Task directions
Below this line is a set of entries; quote exactly the lines from the line that contains "by apply: eq_card => i; rewrite !inE." to the line that contains "v) \in imV gV].", both lines included.

*** Dataset

Lemma drop_check_not_full : ~ embedding_full keepV keepC.
Proof.
case=> _ [ontoC _]; have [i c0E] := ontoC c0.
by have := enum_valP i; rewrite /keepC in c0E; rewrite c0E inE eqxx.
Qed.

Lemma drop_check_regular dv : tanner_reg dv S -> tanner_reg dv (drop_check c0).
Proof.
move=> regS v; rewrite -(regS v).
transitivity #|[set i | (fun c => @adj S v c) (keepC i)]|.
  by apply: eq_card => i; rewrite !inE.
by apply: card_preimage_inj => [|c]; [apply: enum_val_inj | apply: drop_check_onto].
Qed.

Lemma drop_check_fails F (Ve : {set 'I_(nv S)}) :
  fails F Ve -> fails F (Ve : {set 'I_(nv (drop_check c0))}).
Proof.
move=> failS convD; apply: failS.
apply: (converges_transfer (fV := keepV) (fC := keepC)) convD => //.
- by exists keepV.
- exact: enum_val_inj.
- exact: drop_check_onto.
Qed.

End DropIsolatedCheck.

Definition reducible (dv : nat) (F : tbf) (I S : tanner)
    (gV : 'I_(nv I) -> 'I_(nv S)) : Prop :=
  exists (S2 : tanner) (gV2 : 'I_(nv I) -> 'I_(nv S2)) (gC2 : 'I_(nc I) -> 'I_(nc S2))
         (fV : 'I_(nv S2) -> 'I_(nv S)) (fC : 'I_(nc S2) -> 'I_(nc S)),
    [/\ in_E dv F gV2 gC2, embedding fV fC, ~ embedding_full fV fC
      & forall v, fV (gV2 v) \in imV gV].

(* In an irreducible member of E_I(F) every check node has a neighbour,
   provided I has this property: an isolated check could be deleted. *)
Lemma irreducible_no_isolated dv F (I S : tanner) gV gC :
  (forall c : 'I_(nc I), exists u, adj u c) ->
  @in_E dv F I S gV gC -> ~ reducible dv F gV ->
  forall c0 : 'I_(nc S), exists v, adj v c0.
Proof.
move=> checksI [regS [[injV [injC adjS]] failJ]] irred c0.
apply: NNPP => c0_free.
have c0_isolated : isolated c0.
  by move=> v; apply/negP => vc0; apply: c0_free; exists v.
have gC_kept c : gC c \in other_checks c0.
  have [u uc] := checksI c; rewrite inE.
  by apply: contraTneq (adjS _ _ uc) => ->; apply: c0_isolated.
pose gC2 c : 'I_(nc (drop_check c0)) := enum_rank_in (gC_kept c) (gC c).
have gC2E c : enum_val (gC2 c) = gC c by rewrite enum_rankK_in.
apply: irred; exists (drop_check c0), gV, gC2, (fun v => v), enum_val; split.
- split; first exact: drop_check_regular.
  split; last exact: drop_check_fails.
  split=> //; split => [a b /(congr1 enum_val) | v c /adjS]; rewrite /= !gC2E //.
  exact: injC.
- exact: drop_check_embedding.
- exact: drop_check_not_full.
- by move=> v; apply: imset_f.
Qed.
Theorem lemma1 (gamma tau alpha : R) (N : nat)
  (hgamma : 0 < gamma) (htau : 1 < tau) (hD : Dset gamma tau alpha)
  (hsep : forall n : nat, Nat.Even n -> (N < n)%nat ->
     conv alpha n + cf_shift gamma tau (IZR (cf_q alpha n))
       < conv alpha (n + 2)%nat - cf_shift gamma tau (IZR (cf_q alpha (n + 2)%nat)))
  (hgap : forall n : nat, Nat.Even n ->
     alpha - conv alpha n > cf_shift gamma tau (IZR (cf_q alpha n))) :
  exists N1 : nat, (N <= N1)%nat /\
    forall n : nat, Nat.Even n -> (N1 < n)%nat ->
    forall (p : Z) (q : nat), (1 <= q)%nat ->
      ~ (conv alpha n < IZR p / INR q < conv alpha (n + 2)%nat) ->
      ~ (conv alpha n + cf_shift gamma tau (IZR (cf_q alpha n))
           < IZR p / INR q + cf_shift gamma tau (INR q)
           < conv alpha (n + 2)%nat - cf_shift gamma tau (IZR (cf_q alpha (n + 2)%nat))) /\
      ~ (conv alpha n + cf_shift gamma tau (IZR (cf_q alpha n))
           < IZR p / INR q - cf_shift gamma tau (INR q)
           < conv alpha (n + 2)%nat - cf_shift gamma tau (IZR (cf_q alpha (n + 2)%nat))).
Proof.
  assert (Htau : 0 <= tau) by lra.
  destruct (conv_add_shift_bound gamma tau alpha N hgamma hsep hgap) as [M [HMa Hmax]].
  destruct (conv_even_gt_eventually alpha (proj1 hD) (Dset_irrational gamma tau alpha hgamma hD)
              M HMa) as [K HK].
  exists (N + K)%nat. split; [lia|].
  intros n He Hn p q Hq Hnot. replace (n + 2)%nat with (S (S n)) in * by lia.
  rewrite INR_IZR_INZ in *. set (qz := Z.of_nat q) in *.
  assert (Hqz : (1 <= qz)%Z) by lia.
  pose proof (cf_shift_pos gamma tau (IZR qz) hgamma).
  pose proof (cf_shift_pos gamma tau (IZR (cf_q alpha n)) hgamma).
  pose proof (cf_shift_pos gamma tau (IZR (cf_q alpha (S (S n)))) hgamma).
  destruct (Rle_or_lt (IZR p / IZR qz) (conv alpha n)) as [Hleft|Hright].
  - pose proof (add_shift_le_conv_add_shift gamma tau alpha M hgamma Htau hD Hmax n p qz He Hqz
      (HK n He ltac:(lia)) Hleft).
    split; lra.
  - assert (Hx : conv alpha (S (S n)) <= IZR p / IZR qz) by (apply Rnot_lt_le; tauto).
    pose proof (conv_sub_shift_le gamma tau alpha hgamma Htau hD (S (S n)) p qz
      (proj2 (Nat.Even_succ_succ n) He) Hqz Hx).
    split; lra.
Qed.
Definition partial_part (y : nat -> R) (lam : R) (a b e : nat) : R :=
  if Nat.eqb ((b - a + 1) mod 2 ^ e) 0 then 0
  else abs_soft lam (centred_coef y a b (meanR y a b) e (b - (b - a + 1) mod 2 ^ e))
       / sqrt (INR (2 ^ e)).

Lemma psum_S y i : psum y (S i) = psum y i + y (S i).
Proof. unfold psum; rewrite sumR_S_r; reflexivity. Qed.

Lemma meanR_psum y a t : (1 <= a <= t)%nat ->
  meanR y a t = (psum y t - psum y (a - 1)) / INR (t - a + 1).
Proof.
  intro H; unfold meanR; f_equal; unfold psum.
  replace (sumR y 1 t) with (sumR y 1 (a - 1 + (t - a + 1))) by (f_equal; lia).
  rewrite (sumR_split y 1); replace (1 + (a - 1))%nat with a by lia.
  rewrite (sumR_ext (y0 y) y); [ring|].
  intros i Hi; unfold y0; destruct (Nat.eqb_spec i 0); [lia|reflexivity].
Qed.

Lemma sumR_pad0 y a b x len : (1 <= a <= b)%nat ->
  sumR (pad0 y a b) x len =
  centred_psum y a (meanR y a b) (a - 1 + Nat.min (x + len) (b - a + 1))
  - centred_psum y a (meanR y a b) (a - 1 + Nat.min x (b - a + 1)).
Proof.
  intro Hab; induction len as [|len IH].
  - rewrite Nat.add_0_r; cbn [sumR seq fold_right]; ring.
  - rewrite sumR_S_r, IH; unfold pad0.
    destruct (Nat.ltb_spec (x + len) (b - a + 1)) as [Hl|Hl].
    + replace (Nat.min (x + S len) (b - a + 1)) with (S (x + len)) by lia.
      replace (Nat.min (x + len) (b - a + 1)) with (x + len)%nat by lia.
      unfold centred_psum, y0.
      replace (a - 1 + S (x + len))%nat with (S (a - 1 + (x + len))) by lia.
      rewrite psum_S.
      replace (S (a - 1 + (x + len)) - (a - 1))%nat with (S (x + len)) by lia.
      replace (a - 1 + (x + len) - (a - 1))%nat with (x + len)%nat by lia.
      replace (S (a - 1 + (x + len))) with (a + (x + len))%nat by lia.
      destruct (Nat.eqb_spec (a + (x + len)) 0); [lia|].
      rewrite S_INR; ring.
    + replace (Nat.min (x + S len) (b - a + 1)) with (b - a + 1)%nat by lia.
      replace (Nat.min (x + len) (b - a + 1)) with (b - a + 1)%nat by lia; ring.
Qed.

Lemma haar_detail_pad0 y a b m l j : (1 <= a <= b)%nat -> (l < m)%nat ->
  (j * 2 ^ (m - l) <= b - a + 1)%nat ->
  haar_detail m (pad0 y a b) l j
  = centred_coef y a b (meanR y a b) (m - l) (a - 1 + j * 2 ^ (m - l)).
Proof.
  intros Hab Hl Hj; unfold haar_detail, centred_coef; cbv zeta.
  rewrite pow2_div2 by lia; rewrite !sumR_pad0 by lia.
  set (e := (m - l)%nat) in *; set (h := (2 ^ (e - 1))%nat).
  assert (He : (2 ^ e = h + h)%nat) by (apply pow2_pred; lia).
  rewrite He in *.
  replace (a - 1 + Nat.min (j * (h + h) + h + h) (b - a + 1))%nat
    with (Nat.min (a - 1 + j * (h + h) + (h + h)) b) by lia.
  replace (a - 1 + Nat.min (j * (h + h) + h) (b - a + 1))%nat
    with (Nat.min (a - 1 + j * (h + h) + h) b) by lia.
  replace (a - 1 + Nat.min (j * (h + h)) (b - a + 1))%nat
    with (a - 1 + j * (h + h))%nat by lia.
  reflexivity.
Qed.

Lemma haar_detail_pad0_beyond y a b m l j : (1 <= a <= b)%nat -> (l < m)%nat ->
  (b - a + 1 <= j * 2 ^ (m - l))%nat -> haar_detail m (pad0 y a b) l j = 0.
Proof.
  intros Hab Hl Hj; unfold haar_detail; cbv zeta.
  rewrite !sumR_pad0 by lia; rewrite !(Nat.min_r _ (b - a + 1)) by lia.
  unfold Rdiv; ring.
Qed.

(* Both halves of a complete block have the same length, so the mean cancels. *)
Lemma centred_coef_complete y a b mean e x0 : (1 <= a)%nat -> (1 <= e)%nat ->
  (a - 1 <= x0)%nat -> (x0 + 2 ^ e <= b)%nat ->
  centred_coef y a b mean e x0 = raw_coef y e x0.
Proof.
  intros Ha He Hx Hb; unfold centred_coef, raw_coef, centred_psum; cbv zeta.
  set (h := (2 ^ (e - 1))%nat).
  assert (E : (2 ^ e = h + h)%nat) by (apply pow2_pred; lia).
  rewrite E in *; rewrite !Nat.min_l by lia.
  replace (x0 + (h + h) - (a - 1))%nat with (x0 - (a - 1) + h + h)%nat by lia.
  replace (x0 + h - (a - 1))%nat with (x0 - (a - 1) + h)%nat by lia.
  rewrite !plus_INR; unfold Rdiv; f_equal; ring.
Qed.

******

The completed task
  by apply: eq_card => i; rewrite !inE.
by apply: card_preimage_inj => [|c]; [apply: enum_val_inj | apply: drop_check_onto].
Qed.

Lemma drop_check_fails F (Ve : {set 'I_(nv S)}) :
  fails F Ve -> fails F (Ve : {set 'I_(nv (drop_check c0))}).
Proof.
move=> failS convD; apply: failS.
apply: (converges_transfer (fV := keepV) (fC := keepC)) convD => //.
- by exists keepV.
- exact: enum_val_inj.
- exact: drop_check_onto.
Qed.

End DropIsolatedCheck.

Definition reducible (dv : nat) (F : tbf) (I S : tanner)
    (gV : 'I_(nv I) -> 'I_(nv S)) : Prop :=
  exists (S2 : tanner) (gV2 : 'I_(nv I) -> 'I_(nv S2)) (gC2 : 'I_(nc I) -> 'I_(nc S2))
         (fV : 'I_(nv S2) -> 'I_(nv S)) (fC : 'I_(nc S2) -> 'I_(nc S)),
    [/\ in_E dv F gV2 gC2, embedding fV fC, ~ embedding_full fV fC
      & forall v, fV (gV2 v) \in imV gV].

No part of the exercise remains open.